This thesis investigates the effects of cold work on the mechanical properties of alloy 718Plus from 300 to 750°C. This includes: tensile; creep; stress rupture; stress relaxation; notched low cycle fatigue life; and, fatigue crack growth resistance. The stresses and temperatures considered in mechanical tests were dictated by engine service conditions. All material studied in this investigation had been cold drawn initially to 30% area reduction (HT1). Direct aged (HT2) and, annealed + direct aged (HT3) heat treatment conditions are compared to investigate the effects of this prior cold working. A comprehensive microstructural characterisation was conducted prior to testing. Hardness, optical microscopy (OM), scanning electron microscopy (SEM), energy dispersive x-ray (EDX), electron backscatter diffraction (EBSD) and scanning transmission electron microscopy (STEM) analysis techniques were used to examine the microstructure, deformation and (gamma-prime and eta) phases.

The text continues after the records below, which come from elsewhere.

(* Let $G$ be a parity game graph, let $h$ be an even number with $h\ge\pi(v)$ for all nodes $v$ of $G$, and let $p_E,p_O$ be integers. The procedure $\textsc{Solve}_E(G,h,p_E,p_O)$ (defined in the context) returns a set $W_E$ such that for every set $S$ of nodes of $G$: (i) if $S$ is a dominion for Even and $|S|\le p_E$, then $S\subseteq W_E$; (ii) if $S$ is a dominion for Odd and $|S|\le p_O$, then $S\cap W_E=\emptyset$.
   Context: A parity game graph consists of a finite directed graph in which every node has at least one successor and there are no self-loops, a labeling of each node $v$ by a positive integer priority $\pi(v)$, and a partition of the nodes into nodes owned by Even ($E$) and nodes owned by Odd ($O$). A play is an infinite path; the owner of the current node chooses a successor. A play $v_1v_2\dots$ satisfies LimsupEven if $\limsup_i\pi(v_i)$ is even, and LimsupOdd otherwise. For a set $S$ of nodes, Safety$(S)$ is the set of plays using only nodes of $S$. A strategy of a player maps each finite path ending in a node of that player to a successor; it is winning for a condition from $v$ if all plays from $v$ consistent with it belong to the condition. A dominion for Even is a set $S$ of nodes such that from every $v\in S$ Even has a winning strategy for LimsupEven $\cap$ Safety$(S)$; a dominion for Odd is defined symmetrically with LimsupOdd. For a set $N$ of nodes and a player $P$, the attractor $\textsc{Atr}_P(G,N)$ is the smallest set of nodes containing $N$, containing every node of $P$ having some successor in it, and containing every node of the opponent of $P$ all of whose successors are in it. For an attractor $A$, $G\setminus A$ denotes the game graph obtained by deleting the nodes of $A$ and all edges incident to them. The procedure $\textsc{Solve}_E(G,h,p_E,p_O)$ is: (1) If $G$ has no nodes or $p_E\le 1$, return $\emptyset$. (2) Repeat: $N_h :=$ set of nodes of $G$ of priority $h$; $H := G\setminus \textsc{Atr}_E(G,N_h)$; $W_O := \textsc{Solve}_O(H,h-1,\lfloor p_O/2\rfloor,p_E)$; $G := G\setminus\textsc{Atr}_O(G,W_O)$; until $W_O=\emptyset$. (3) Once: $N_h :=$ nodes of $G$ of priority $h$; $H := G\setminus\textsc{Atr}_E(G,N_h)$; $W_O := \textsc{Solve}_O(H,h-1,p_O,p_E)$; $G := G\setminus\textsc{Atr}_O(G,W_O)$. (4) While $W_O\neq\emptyset$: perform the same body as in step (2). (5) Return the set of nodes of the current $G$. The procedure $\textsc{Solve}_O(G,h,p_O,p_E)$ is obtained from $\textsc{Solve}_E$ by swapping the roles of $E$ and $O$ everywhere (it returns $\emptyset$ if $G$ is empty or $p_O\le 1$, and calls $\textsc{Solve}_E(H,h-1,\lfloor p_E/2\rfloor,p_O)$ or $\textsc{Solve}_E(H,h-1,p_E,p_O)$, using $\textsc{Atr}_O$ to build $H$ and $\textsc{Atr}_E$ to remove returned sets). *)

From HB Require Import structures.
From mathcomp Require Import all_boot all_order all_algebra.
Set Implicit Arguments. Unset Strict Implicit. Unset Printing Implicit Defensive.
Import Order.TTheory GRing.Theory Num.Theory.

The heat treatments affected the grain and phases differently. This was in addition to the amount of cold work retained. HT2 retained a worked microstructure; whereas HT3 was partially recrystallized. Grains in HT2 were relatively larger and also elongated in the drawing direction. HT3 produced a finer equiaxed grain structure. HT3 showed a significantly higher volume fraction of eta phase which precipitated both at grain boundaries and intragranularly. The amount of gamma-prime precipitation in HT2 was unchanged from the as-received cold worked microstructure and precipitation was limited to grain boundaries. HT2 showed a higher volume fraction of gamma-prime precipitates than HT3. HT3 showed greater ductility than HT2. It was observed that the HT2 treatment was superior to HT3 in terms of: tensile strength; creep resistance; notched fatigue crack initiation life; and, fatigue crack growth resistance, despite its tendency to fail intergranularly.

Type of Work: Thesis (Doctorates > Ph.D.)
Award Type: Doctorates > Ph.D.
Licence: All rights reserved
College/Faculty: Colleges (2008 onwards) > College of Engineering & Physical Sciences
School or Department: School of Metallurgy and Materials
Funders: Engineering and Physical Sciences Research Council
Subjects: Q Science > Q Science (General)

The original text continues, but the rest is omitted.